WORK TO COMPLETE =>
Give again, word for word, each line below starting at the one that contains "case=> lam_ge0 /(loewner_le_outer_ptrace" and ending at the one that contains "Proof. by rewrite".
===== SOURCE MATERIAL =====
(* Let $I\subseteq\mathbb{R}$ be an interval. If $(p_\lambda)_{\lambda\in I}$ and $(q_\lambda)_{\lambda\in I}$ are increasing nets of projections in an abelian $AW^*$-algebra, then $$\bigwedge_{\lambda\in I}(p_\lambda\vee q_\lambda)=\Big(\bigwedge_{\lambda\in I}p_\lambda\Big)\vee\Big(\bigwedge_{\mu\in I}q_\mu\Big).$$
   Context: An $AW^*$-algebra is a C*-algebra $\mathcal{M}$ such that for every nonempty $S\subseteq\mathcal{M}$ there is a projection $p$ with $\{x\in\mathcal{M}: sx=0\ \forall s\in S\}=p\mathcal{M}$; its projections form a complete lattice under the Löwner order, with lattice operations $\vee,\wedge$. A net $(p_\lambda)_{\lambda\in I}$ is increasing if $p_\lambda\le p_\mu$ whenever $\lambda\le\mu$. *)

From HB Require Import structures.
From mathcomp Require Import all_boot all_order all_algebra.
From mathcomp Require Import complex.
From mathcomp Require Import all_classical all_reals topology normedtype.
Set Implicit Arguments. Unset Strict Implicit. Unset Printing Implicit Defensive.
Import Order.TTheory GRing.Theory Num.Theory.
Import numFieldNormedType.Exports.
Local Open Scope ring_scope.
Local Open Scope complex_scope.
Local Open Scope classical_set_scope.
=====
===== SOURCE MATERIAL =====
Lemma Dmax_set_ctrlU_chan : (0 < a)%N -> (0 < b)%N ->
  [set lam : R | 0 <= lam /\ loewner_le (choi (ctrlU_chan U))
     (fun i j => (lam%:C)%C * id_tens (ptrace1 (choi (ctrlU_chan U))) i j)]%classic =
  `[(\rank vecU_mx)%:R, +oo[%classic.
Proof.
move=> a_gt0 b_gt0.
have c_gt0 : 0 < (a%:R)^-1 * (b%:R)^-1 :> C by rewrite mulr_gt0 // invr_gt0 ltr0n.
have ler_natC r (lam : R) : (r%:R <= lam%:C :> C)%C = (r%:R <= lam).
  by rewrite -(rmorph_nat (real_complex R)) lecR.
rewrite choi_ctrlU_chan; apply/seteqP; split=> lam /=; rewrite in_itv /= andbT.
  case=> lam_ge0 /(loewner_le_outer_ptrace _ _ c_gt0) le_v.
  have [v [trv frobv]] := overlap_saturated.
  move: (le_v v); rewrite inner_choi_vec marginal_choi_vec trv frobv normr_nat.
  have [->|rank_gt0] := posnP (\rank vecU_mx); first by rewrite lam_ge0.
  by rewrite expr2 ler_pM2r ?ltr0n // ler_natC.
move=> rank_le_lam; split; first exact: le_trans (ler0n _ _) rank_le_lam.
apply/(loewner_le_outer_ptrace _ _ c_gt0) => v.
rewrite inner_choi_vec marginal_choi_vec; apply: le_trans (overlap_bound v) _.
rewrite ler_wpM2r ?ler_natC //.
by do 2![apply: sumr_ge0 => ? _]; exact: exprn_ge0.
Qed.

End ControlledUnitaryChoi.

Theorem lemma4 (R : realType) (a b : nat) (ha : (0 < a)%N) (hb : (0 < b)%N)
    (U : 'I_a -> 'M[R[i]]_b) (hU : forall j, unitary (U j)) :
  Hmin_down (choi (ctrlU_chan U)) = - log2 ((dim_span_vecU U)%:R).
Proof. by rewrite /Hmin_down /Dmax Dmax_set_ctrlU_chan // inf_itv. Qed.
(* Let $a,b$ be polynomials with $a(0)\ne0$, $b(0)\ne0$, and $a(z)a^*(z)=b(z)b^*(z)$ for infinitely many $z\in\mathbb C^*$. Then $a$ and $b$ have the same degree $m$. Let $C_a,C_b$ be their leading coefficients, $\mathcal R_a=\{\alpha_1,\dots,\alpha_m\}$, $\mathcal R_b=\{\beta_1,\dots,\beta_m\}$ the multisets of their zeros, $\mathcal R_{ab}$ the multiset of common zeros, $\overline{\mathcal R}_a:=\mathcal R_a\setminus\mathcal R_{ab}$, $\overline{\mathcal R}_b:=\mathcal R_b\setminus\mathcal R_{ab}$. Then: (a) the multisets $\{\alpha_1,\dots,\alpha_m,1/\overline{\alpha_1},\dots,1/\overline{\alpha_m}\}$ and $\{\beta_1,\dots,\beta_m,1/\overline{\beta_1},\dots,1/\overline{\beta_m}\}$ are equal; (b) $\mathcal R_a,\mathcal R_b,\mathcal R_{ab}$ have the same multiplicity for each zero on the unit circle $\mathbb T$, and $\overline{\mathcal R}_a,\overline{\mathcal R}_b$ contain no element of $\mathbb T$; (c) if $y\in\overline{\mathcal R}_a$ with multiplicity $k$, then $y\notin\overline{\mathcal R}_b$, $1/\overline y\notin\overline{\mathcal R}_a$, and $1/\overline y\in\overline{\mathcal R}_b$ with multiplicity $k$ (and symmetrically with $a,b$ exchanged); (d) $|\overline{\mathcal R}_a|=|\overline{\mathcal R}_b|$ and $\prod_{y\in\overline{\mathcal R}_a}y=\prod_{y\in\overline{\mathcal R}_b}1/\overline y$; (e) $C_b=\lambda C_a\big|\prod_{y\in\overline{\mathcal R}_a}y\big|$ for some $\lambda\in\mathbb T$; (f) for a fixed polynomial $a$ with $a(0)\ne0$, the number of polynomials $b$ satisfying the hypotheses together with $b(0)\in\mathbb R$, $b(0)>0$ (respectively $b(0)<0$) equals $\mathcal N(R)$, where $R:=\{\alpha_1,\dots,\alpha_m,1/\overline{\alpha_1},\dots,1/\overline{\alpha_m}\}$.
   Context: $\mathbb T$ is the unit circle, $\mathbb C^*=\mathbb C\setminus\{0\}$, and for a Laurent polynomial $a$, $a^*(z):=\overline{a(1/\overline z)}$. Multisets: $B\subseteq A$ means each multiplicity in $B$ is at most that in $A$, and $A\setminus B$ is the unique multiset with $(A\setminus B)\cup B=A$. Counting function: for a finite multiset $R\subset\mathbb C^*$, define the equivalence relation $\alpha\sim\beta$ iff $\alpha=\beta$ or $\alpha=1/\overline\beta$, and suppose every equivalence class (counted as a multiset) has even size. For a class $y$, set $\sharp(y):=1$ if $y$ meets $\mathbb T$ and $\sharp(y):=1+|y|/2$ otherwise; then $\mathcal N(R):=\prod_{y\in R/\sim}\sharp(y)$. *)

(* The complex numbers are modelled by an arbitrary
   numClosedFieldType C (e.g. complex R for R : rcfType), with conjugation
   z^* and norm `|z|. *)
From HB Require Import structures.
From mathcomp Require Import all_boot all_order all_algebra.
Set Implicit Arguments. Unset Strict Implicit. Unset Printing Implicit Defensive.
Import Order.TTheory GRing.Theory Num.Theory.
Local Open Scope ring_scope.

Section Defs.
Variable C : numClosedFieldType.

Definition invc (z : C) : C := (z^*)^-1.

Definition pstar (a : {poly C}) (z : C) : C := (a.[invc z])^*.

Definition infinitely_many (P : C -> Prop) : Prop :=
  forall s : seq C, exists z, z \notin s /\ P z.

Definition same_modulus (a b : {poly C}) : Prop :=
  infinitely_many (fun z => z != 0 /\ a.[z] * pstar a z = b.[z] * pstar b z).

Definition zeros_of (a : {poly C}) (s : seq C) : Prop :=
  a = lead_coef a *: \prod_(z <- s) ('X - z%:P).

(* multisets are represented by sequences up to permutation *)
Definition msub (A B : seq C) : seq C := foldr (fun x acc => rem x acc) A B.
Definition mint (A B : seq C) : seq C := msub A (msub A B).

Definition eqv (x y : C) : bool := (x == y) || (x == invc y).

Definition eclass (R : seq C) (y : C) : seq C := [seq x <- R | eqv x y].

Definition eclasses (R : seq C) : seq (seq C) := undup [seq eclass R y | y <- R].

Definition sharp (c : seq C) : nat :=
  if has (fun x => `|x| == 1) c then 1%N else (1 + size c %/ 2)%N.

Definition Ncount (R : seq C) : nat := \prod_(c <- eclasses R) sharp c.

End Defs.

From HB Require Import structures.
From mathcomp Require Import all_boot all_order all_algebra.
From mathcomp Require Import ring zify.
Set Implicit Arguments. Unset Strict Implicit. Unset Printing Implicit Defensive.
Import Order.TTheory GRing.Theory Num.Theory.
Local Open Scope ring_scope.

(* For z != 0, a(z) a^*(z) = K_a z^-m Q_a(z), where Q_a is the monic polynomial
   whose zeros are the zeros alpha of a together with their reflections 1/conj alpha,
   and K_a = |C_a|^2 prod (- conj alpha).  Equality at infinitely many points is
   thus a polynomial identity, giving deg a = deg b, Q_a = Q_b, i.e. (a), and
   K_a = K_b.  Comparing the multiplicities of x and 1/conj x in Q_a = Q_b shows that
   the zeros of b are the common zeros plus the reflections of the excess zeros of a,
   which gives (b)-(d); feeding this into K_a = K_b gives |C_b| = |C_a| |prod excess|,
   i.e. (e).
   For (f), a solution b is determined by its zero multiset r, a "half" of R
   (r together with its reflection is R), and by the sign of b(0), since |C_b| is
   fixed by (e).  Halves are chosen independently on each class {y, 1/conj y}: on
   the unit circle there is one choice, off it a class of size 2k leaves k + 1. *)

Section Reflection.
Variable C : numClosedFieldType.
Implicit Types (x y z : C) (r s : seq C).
=====
THE ANSWER =>
  case=> lam_ge0 /(loewner_le_outer_ptrace _ _ c_gt0) le_v.
  have [v [trv frobv]] := overlap_saturated.
  move: (le_v v); rewrite inner_choi_vec marginal_choi_vec trv frobv normr_nat.
  have [->|rank_gt0] := posnP (\rank vecU_mx); first by rewrite lam_ge0.
  by rewrite expr2 ler_pM2r ?ltr0n // ler_natC.
move=> rank_le_lam; split; first exact: le_trans (ler0n _ _) rank_le_lam.
apply/(loewner_le_outer_ptrace _ _ c_gt0) => v.
rewrite inner_choi_vec marginal_choi_vec; apply: le_trans (overlap_bound v) _.
rewrite ler_wpM2r ?ler_natC //.
by do 2![apply: sumr_ge0 => ? _]; exact: exprn_ge0.
Qed.

End ControlledUnitaryChoi.

Theorem lemma4 (R : realType) (a b : nat) (ha : (0 < a)%N) (hb : (0 < b)%N)
    (U : 'I_a -> 'M[R[i]]_b) (hU : forall j, unitary (U j)) :
  Hmin_down (choi (ctrlU_chan U)) = - log2 ((dim_span_vecU U)%:R).
Proof. by rewrite /Hmin_down /Dmax Dmax_set_ctrlU_chan // inf_itv. Qed.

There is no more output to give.